___ Exercise materials

Lemma mvt_setc Om f z i b : partials_exist Om f ->
  (forall c, Rmin (coord z i) b <= c <= Rmax (coord z i) b -> Om (setc z i c)) ->
  exists c, Rmin (coord z i) b <= c <= Rmax (coord z i) b /\
   f (setc z i b) - f z = partial i f (setc z i c) * (b - coord z i).
Proof.
  intros HP Hin. replace (f z) with (f (setc z i (coord z i))) by (rewrite setc_coord; reflexivity).
  apply (MVT_gen (fun t => f (setc z i t)) _ b (fun c => partial i f (setc z i c))).
  - intros c hc. apply is_derive_setc with Om; auto. apply Hin; lra.
  - intros c hc. apply continuity_pt_filterlim, (ex_derive_continuous (fun t => f (setc z i t))).
    eexists. apply is_derive_setc with Om; auto.
Qed.

(* Walking from y to z one coordinate at a time, each step is a one-variable mean value theorem. *)
Lemma mvt_near3 Om f y z e : partials_exist Om f -> (forall w, near3 y w e -> Om w) ->
  near3 y z e -> exists c1 c2 c3, near3 y c1 e /\ near3 y c2 e /\ near3 y c3 e /\
   f z - f y = partial I1 f c1 * (coord z I1 - coord y I1) +
               partial I2 f c2 * (coord z I2 - coord y I2) +
               partial I3 f c3 * (coord z I3 - coord y I3).
Proof.
  intros HP Hin Hz.
  assert (He : 0 < e) by (specialize (Hz I1); pose proof (Rabs_pos (coord z I1 - coord y I1)); lra).
  assert (Hstep : forall w i, near3 y w e -> coord w i = coord y i ->
    exists c, near3 y (setc w i c) e /\
      f (setc w i (coord z i)) - f w = partial i f (setc w i c) * (coord z i - coord y i)).
  { intros w i Hw Hwi.
    assert (Hc : forall c, Rmin (coord w i) (coord z i) <= c <= Rmax (coord w i) (coord z i) ->
      near3 y (setc w i c) e).
    { intros c hc. apply near3_setc; auto. rewrite Hwi in hc.
      eapply Rle_lt_trans; [apply between_Rabs, hc | apply Hz]. }
    destruct (mvt_setc Om f w i (coord z i) HP (fun c hc => Hin _ (Hc c hc))) as [c [hc E]].
    exists c; split; [apply Hc, hc|]. rewrite E, Hwi; reflexivity. }
  set (p1 := setc y I1 (coord z I1)). set (p2 := setc p1 I2 (coord z I2)).
  assert (N1 : near3 y p1 e) by (apply near3_setc; [apply near3_refl | apply Hz]; auto).
  assert (N2 : near3 y p2 e) by (apply near3_setc; [exact N1 | apply Hz]).
  destruct (Hstep y I1 (near3_refl y e He) eq_refl) as [c1 [h1 E1]].
  destruct (Hstep p1 I2 N1 eq_refl) as [c2 [h2 E2]].
  destruct (Hstep p2 I3 N2 eq_refl) as [c3 [h3 E3]].
  exists (setc y I1 c1), (setc p1 I2 c2), (setc p2 I3 c3); do 3 (split; [assumption|]).
  change (setc p2 I3 (coord z I3)) with (mk3 (coord z I1) (coord z I2) (coord z I3)) in E3.
  rewrite mk3_coord in E3.
  fold p1 in E1; fold p2 in E2. lra.
Qed.

Lemma Rabs_mult_lt_le d e a : Rabs d < e -> Rabs (d * a) <= e * Rabs a.
Proof. intro h. rewrite Rabs_mult. apply Rmult_le_compat_r; [apply Rabs_pos | lra]. Qed.

Lemma first_order_expansion Om f y : open Om -> partials_exist Om f -> Om y ->
  (forall i, continuous (partial i f) y) ->
  forall eps, 0 < eps -> exists d, 0 < d /\ forall z, near3 y z d ->
   Rabs (f z - f y - sum3 (fun i => partial i f y * (coord z i - coord y i)))
    <= eps * sum3 (fun i => Rabs (coord z i - coord y i)).
Proof.
  intros HO HP Hy Hc eps Heps.
  destruct (open_near3 Om y HO Hy) as [e0 [He0 Hin]].
  destruct (continuous_near3 _ _ (Hc I1) eps Heps) as [d1 [Hd1 C1]].
  destruct (continuous_near3 _ _ (Hc I2) eps Heps) as [d2 [Hd2 C2]].
  destruct (continuous_near3 _ _ (Hc I3) eps Heps) as [d3 [Hd3 C3]].
  set (d := Rmin e0 (Rmin d1 (Rmin d2 d3))).
  assert (Hd : forall d' z, d <= d' -> near3 y z d -> near3 y z d').
  { intros d' z hd hz j. eapply Rlt_le_trans; [apply hz | exact hd]. }
  assert (hd0 : d <= e0) by apply Rmin_l.
  assert (hd1 : d <= d1) by (eapply Rle_trans; [apply Rmin_r | apply Rmin_l]).
  assert (hd2 : d <= d2) by (do 2 (eapply Rle_trans; [apply Rmin_r|]); apply Rmin_l).
  assert (hd3 : d <= d3) by (do 2 (eapply Rle_trans; [apply Rmin_r|]); apply Rmin_r).
  exists d; split; [unfold d; repeat apply Rmin_pos; auto|].
  intros z hz.
  destruct (mvt_near3 Om f y z d HP (fun w hw => Hin w (Hd e0 w hd0 hw)) hz)
    as [c1 [c2 [c3 [h1 [h2 [h3 E]]]]]].
  pose proof (Rabs_mult_lt_le _ _ (coord z I1 - coord y I1) (C1 c1 (Hd d1 c1 hd1 h1))).
  pose proof (Rabs_mult_lt_le _ _ (coord z I2 - coord y I2) (C2 c2 (Hd d2 c2 hd2 h2))).
  pose proof (Rabs_mult_lt_le _ _ (coord z I3 - coord y I3) (C3 c3 (Hd d3 c3 hd3 h3))).
  unfold sum3; rewrite E.
  match goal with |- Rabs ?a <= _ => replace a with
    ((partial I1 f c1 - partial I1 f y) * (coord z I1 - coord y I1) +
     (partial I2 f c2 - partial I2 f y) * (coord z I2 - coord y I2) +
     (partial I3 f c3 - partial I3 f y) * (coord z I3 - coord y I3)) by ring end.
  eapply Rle_trans; [apply Rabs_triang|].
  eapply Rle_trans; [apply Rplus_le_compat_r, Rabs_triang|]. lra.
Qed.


Lemma is_derive_Rconst (c x : R) : is_derive (fun _ => c) x 0.
Proof. apply (is_derive_const (K := R_AbsRing) (V := R_NormedModule)). Qed.
Lemma is_derive_Rplus (f g : R -> R) x df dg :
  is_derive f x df -> is_derive g x dg -> is_derive (fun t => f t + g t) x (df + dg).
Proof. intros; apply (is_derive_plus f g); auto. Qed.
Lemma is_derive_Rmult (f g : R -> R) x df dg :
  is_derive f x df -> is_derive g x dg -> is_derive (fun t => f t * g t) x (df * g x + f x * dg).
Proof. intros; apply (is_derive_mult f g); auto. intros; apply Rmult_comm. Qed.
Lemma is_derive_Ropp (f : R -> R) x df :
  is_derive f x df -> is_derive (fun t => - f t) x (- df).
Proof. intros; apply (is_derive_opp f); auto. Qed.
Lemma is_derive_sum3 (f : idx -> R -> R) df t : (forall i, is_derive (f i) t (df i)) ->
  is_derive (fun u => sum3 (fun i => f i u)) t (sum3 df).
Proof. intro H. unfold sum3. repeat apply is_derive_Rplus; apply H. Qed.

Lemma is_derive_increment_bound (g : R -> R) t dg : is_derive g t dg ->
  exists d, 0 < d /\ forall h, Rabs h < d -> Rabs (g (t + h) - g t) <= (Rabs dg + 1) * Rabs h.
Proof.
  intro H. destruct (proj1 (is_derive_Reals _ _ _) H 1 Rlt_0_1) as [d Hd].
  exists d; split; [apply cond_pos|]. intros h hh.
  destruct (Req_dec h 0) as [->|h0].
  { rewrite Rplus_0_r, Rminus_diag, !Rabs_R0; lra. }
  specialize (Hd h h0 hh).
  replace (g (t + h) - g t) with (((g (t + h) - g t) / h - dg + dg) * h) by (field; auto).
  rewrite Rabs_mult. apply Rmult_le_compat_r; [apply Rabs_pos|].
  eapply Rle_trans; [apply Rabs_triang | lra].
Qed.

Lemma is_derive_zero_of_small_increment (E : R -> R) t :
  (forall eps, 0 < eps -> exists d, 0 < d /\
     forall h, Rabs h < d -> Rabs (E (t + h) - E t) <= eps * Rabs h) ->
  is_derive E t 0.
Proof.
  intro H. apply is_derive_Reals. intros eps Heps.
  destruct (H (eps / 2)) as [d [Hd Hinc]]; [lra|].
  exists (mkposreal d Hd). intros h h0 hh. rewrite Rminus_0_r.
  unfold Rdiv at 1. rewrite Rabs_mult, Rabs_inv.
  apply Rle_lt_trans with (eps / 2); [|lra].
  apply Rmult_le_reg_r with (Rabs h); [apply Rabs_pos_lt; auto|].
  rewrite Rmult_assoc, Rinv_l, Rmult_1_r by (apply Rabs_no_R0; auto). apply Hinc, hh.
Qed.

Lemma increment_sum3_bound (g : R -> R3) (dg : idx -> R) t :
  (forall i, is_derive (fun s => coord (g s) i) t (dg i)) ->
  exists d L, 0 < d /\ 0 < L /\ forall h, Rabs h < d ->
    sum3 (fun i => Rabs (coord (g (t + h)) i - coord (g t) i)) <= L * Rabs h.
Proof.
  intro Hd.
  destruct (is_derive_increment_bound _ _ _ (Hd I1)) as [d1 [Hd1 B1]].
  destruct (is_derive_increment_bound _ _ _ (Hd I2)) as [d2 [Hd2 B2]].
  destruct (is_derive_increment_bound _ _ _ (Hd I3)) as [d3 [Hd3 B3]].
  exists (Rmin d1 (Rmin d2 d3)), (sum3 (fun i => Rabs (dg i) + 1)).
  split; [repeat apply Rmin_pos; auto|]. split.
  { unfold sum3. pose proof (Rabs_pos (dg I1)). pose proof (Rabs_pos (dg I2)).
    pose proof (Rabs_pos (dg I3)). lra. }
  intros h hh. pose proof (Rmin_l d1 (Rmin d2 d3)). pose proof (Rmin_r d1 (Rmin d2 d3)).
  pose proof (Rmin_l d2 d3). pose proof (Rmin_r d2 d3).
  specialize (B1 h ltac:(lra)). specialize (B2 h ltac:(lra)). specialize (B3 h ltac:(lra)).
  unfold sum3. nra.
Qed.

Lemma is_derive_first_order_remainder Om f (g : R -> R3) (dg : idx -> R) t :
  open Om -> partials_exist Om f -> Om (g t) -> (forall i, continuous (partial i f) (g t)) ->
  (forall i, is_derive (fun s => coord (g s) i) t (dg i)) ->
  is_derive (fun s => f (g s) - f (g t) - sum3 (fun i => partial i f (g t) * (coord (g s) i - coord (g t) i))) t 0.
Proof.
  intros HO HP Hy Hc Hd.
  destruct (increment_sum3_bound g dg t Hd) as [d1 [L [Hd1 [HL Hinc]]]].
  apply is_derive_zero_of_small_increment. intros eps Heps.
  destruct (first_order_expansion Om f (g t) HO HP Hy Hc (eps / L)) as [df [Hdf Fr]];
    [apply Rdiv_lt_0_compat; auto|].
  exists (Rmin d1 (df / L)). split; [apply Rmin_pos; auto; apply Rdiv_lt_0_compat; auto|].
  intros h hh. pose proof (Rmin_l d1 (df / L)). pose proof (Rmin_r d1 (df / L)).
  specialize (Hinc h ltac:(lra)).
  assert (Hnear : near3 (g t) (g (t + h)) df).
  { assert (hLh : L * Rabs h < df).
    { apply Rmult_lt_reg_l with (/ L); [apply Rinv_0_lt_compat; auto|].
      rewrite <- Rmult_assoc, Rinv_l, Rmult_1_l by lra. rewrite Rmult_comm. lra. }
    intro i. apply Rle_lt_trans with (L * Rabs h); [|exact hLh].
    eapply Rle_trans; [|exact Hinc]. unfold sum3.
    pose proof (Rabs_pos (coord (g (t + h)) I1 - coord (g t) I1)).
    pose proof (Rabs_pos (coord (g (t + h)) I2 - coord (g t) I2)).
    pose proof (Rabs_pos (coord (g (t + h)) I3 - coord (g t) I3)). destruct i; lra. }
  unfold sum3 at 2. rewrite !Rminus_diag, !Rmult_0_r, !Rplus_0_r, !Rminus_0_r.
  eapply Rle_trans; [apply Fr, Hnear|].
  replace (eps * Rabs h) with (eps / L * (L * Rabs h)) by (field; lra).
  apply Rmult_le_compat_l; [apply Rlt_le, Rdiv_lt_0_compat; auto | exact Hinc].
Qed.

Lemma is_derive_comp_partials Om f (g : R -> R3) (dg : idx -> R) t :
  open Om -> partials_exist Om f -> Om (g t) -> (forall i, continuous (partial i f) (g t)) ->
  (forall i, is_derive (fun s => coord (g s) i) t (dg i)) ->
  is_derive (fun s => f (g s)) t (sum3 (fun i => partial i f (g t) * dg i)).
Proof.
  intros HO HP Hy Hc Hd. set (y := g t).
  set (lin := fun s => sum3 (fun i => partial i f y * (coord (g s) i - coord y i))).
  apply (is_derive_ext (fun s => (f y + lin s) + (f (g s) - f y - lin s)));
    [intro s; simpl; ring|].
  rewrite <- (Rplus_0_r (sum3 _)). apply is_derive_Rplus.
  - rewrite <- (Rplus_0_l (sum3 _)). apply is_derive_Rplus; [apply is_derive_Rconst|].
    apply (is_derive_sum3 (fun i s => partial i f y * (coord (g s) i - coord y i))). intro i.
    apply (is_derive_scal (fun s => coord (g s) i - coord y i)).
    rewrite <- (Rminus_0_r (dg i)). apply (is_derive_minus (fun s => coord (g s) i)); auto.
    apply is_derive_Rconst.
  - exact (is_derive_first_order_remainder Om f g dg t HO HP Hy Hc Hd).
Qed.

Section ContinuityR.
Context {U : UniformSpace}.

Lemma continuous_Rplus (f g : U -> R) x :
  continuous f x -> continuous g x -> continuous (fun y => f y + g y) x.
Proof. intros; apply (continuous_plus (V := R_NormedModule)); auto. Qed.
Lemma continuous_Rmult (f g : U -> R) x :
  continuous f x -> continuous g x -> continuous (fun y => f y * g y) x.
Proof. intros; apply (continuous_mult (K := R_AbsRing)); auto. Qed.
Lemma continuous_Ropp (f : U -> R) x : continuous f x -> continuous (fun y => - f y) x.
Proof. intros; apply (continuous_opp (V := R_NormedModule)); auto. Qed.
Lemma continuous_Rminus (f g : U -> R) x :
  continuous f x -> continuous g x -> continuous (fun y => f y - g y) x.
Proof. intros; apply continuous_Rplus; auto; apply continuous_Ropp; auto. Qed.
Lemma continuous_Rconst (c : R) (x : U) : continuous (fun _ => c) x.
Proof. apply continuous_const. Qed.
Lemma continuous_sin_comp (f : U -> R) x : continuous f x -> continuous (fun y => sin (f y)) x.
Proof. intros; apply (continuous_comp f sin); auto; apply continuous_sin. Qed.
Lemma continuous_cos_comp (f : U -> R) x : continuous f x -> continuous (fun y => cos (f y)) x.
Proof. intros; apply (continuous_comp f cos); auto; apply continuous_cos. Qed.

Lemma continuous_mk3 (f1 f2 f3 : U -> R) x :
  continuous f1 x -> continuous f2 x -> continuous f3 x ->
  continuous (fun y => mk3 (f1 y) (f2 y) (f3 y)) x.
Proof.
  intros H1 H2 H3 P [e He].
  assert (L1 := H1 _ (locally_ball (f1 x) e)).
  assert (L2 := H2 _ (locally_ball (f2 x) e)).
  assert (L3 := H3 _ (locally_ball (f3 x) e)).
  unfold filtermap in *.
  generalize (filter_and _ _ (filter_and _ _ L1 L2) L3). apply filter_imp. intros y [[h1 h2] h3]. apply He. split; [split|]; assumption.
Qed.

Lemma continuous_coord (q : R3) i : continuous (fun z : R3 => coord z i) q.
Proof.
  intros P [e He]. exists e. intros z hz. apply He.
  destruct q as [[a b] c]; destruct z as [[a' b'] c']; destruct hz as [[h1 h2] h3].
  destruct i; assumption.
Qed.

Lemma continuous_coord_comp (b : U -> R3) y i :
  continuous b y -> continuous (fun y => coord (b y) i) y.
Proof. intro H. apply (continuous_comp b (fun z => coord z i)); auto. apply continuous_coord. Qed.

Lemma continuous_sph (a b : U -> R) y : continuous a y -> continuous b y ->
  continuous (fun y => sph (a y) (b y)) y.
Proof.
  intros Ha Hb. apply continuous_mk3.
  - apply continuous_Rmult; [apply continuous_sin_comp|apply continuous_cos_comp]; auto.
  - apply continuous_Rmult; apply continuous_sin_comp; auto.
  - apply continuous_cos_comp; auto.
Qed.

Lemma continuous_ray (x : R3) (a : U -> R) (b : U -> R3) y :
  continuous a y -> continuous b y -> continuous (fun y => vadd x (vscale (a y) (b y))) y.
Proof.
  intros Ha Hb. apply continuous_mk3; apply continuous_Rplus;
    try apply continuous_Rconst; apply continuous_Rmult; auto; apply continuous_coord_comp; auto.
Qed.

End ContinuityR.

Ltac solve_continuous leaf := cbv beta; repeat match goal with
 | |- continuous (fun _ => _ + _) _ => apply continuous_Rplus
 | |- continuous (fun _ => _ - _) _ => apply continuous_Rminus
 | |- continuous (fun _ => _ * _) _ => apply continuous_Rmult
 | |- continuous (fun _ => - _) _ => apply continuous_Ropp
 | |- continuous (fun _ => sin _) _ => apply continuous_sin_comp
 | |- continuous (fun _ => cos _) _ => apply continuous_cos_comp
 | |- continuous (fun q => coord q _) _ => apply continuous_coord
 | |- continuous (fun q => coord (sph _ _) _) _ =>
     apply continuous_coord_comp, continuous_sph; apply continuous_coord
 | |- _ => leaf
 | |- continuous (fun _ => _) _ => apply continuous_Rconst
 end.
Lemma okt_Sign x y : okt E x -> okt E y -> normal E (Sign x y) -> okt E (Sign x y).
Proof.
  intros [Wx [Gx _]] [Wy [Gy _]] Hn; split; [|split; auto].
  - intros s Hs; inversion Hs; subst; [simpl; auto | apply Wx; auto | apply Wy; auto].
  - intros v Hv; inversion Hv; subst; [eapply Gx | eapply Gy]; eauto.
Qed.

Definition simulable (G : list term) (T : term) : Prop :=
  forall D T', acEq E T T' -> okt E T' -> Forall (okt E) D ->
    (forall t, In t G -> represents D t) -> deriv E false D T'.

Lemma simulable_id G T : id_derivable E G T -> simulable G T.
Proof.
  intros (C & ms & HC & Hl & Hms & HTC) D T' HT HT' HD HG.
  apply r_id; [split; auto|].
  apply id_derivable_eqE with (fill C ms); [|rewrite <- HTC; apply acEq_eqE; auto].
  apply id_derivable_fill; auto; intros m Hm; apply (HG m (Hms m Hm)).
Qed.

Lemma represents_guarded_subterm G D T T' A t :
  Forall (okt E) D -> okt E T' -> acEq E T T' -> (forall t, In t G -> represents D t) ->
  In t G \/ t = T -> subterm E A t -> guarded E A ->
  exists A', acEq E A A' /\ okt E A' /\ exists t', (In t' D \/ t' = T') /\ subterm E A' t'.
Proof.
  intros HD HT' HT HG Ht HAt HA; rewrite Forall_forall in HD.
  destruct Ht as [Ht | ->].
  - destruct (proj2 (proj2 (HG t Ht)) A HAt HA) as (m & A' & Hm & ? & ?).
    exists A'; split; [| split; [eauto using okt_subterm | exists m; auto]]; auto.
  - destruct (acEq_guarded_subterms E T T' HT A HAt HA) as (A' & ? & ?).
    exists A'; split; [| split; [eauto using okt_subterm | exists T'; auto]]; auto.
Qed.

Lemma simulable_gs G A T : guarded E A ->
  (exists t, (In t G \/ t = T) /\ subterm E A t) ->
  simulable G A -> simulable (A :: G) T -> simulable G T.
Proof.
  intros HA (t & Ht & HAt) IH1 IH2 D T' HT HT' HD HG.
  destruct (represents_guarded_subterm G D T T' A t) as (A' & HAA' & HA' & HA'D); auto.
  apply r_gs with A'; [split; auto | eapply acEq_guarded; eauto | auto | |].
  - apply IH1; auto.
  - apply IH2; auto; apply represents_cons; auto.
Qed.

______

**Your goal**
Each line above that holds the string "replace" should be copied and shown.

**Written answer**
  intros HP Hin. replace (f z) with (f (setc z i (coord z i))) by (rewrite setc_coord; reflexivity).
  match goal with |- Rabs ?a <= _ => replace a with
  replace (g (t + h) - g t) with (((g (t + h) - g t) / h - dg + dg) * h) by (field; auto).
  replace (eps * Rabs h) with (eps / L * (L * Rabs h)) by (field; lra).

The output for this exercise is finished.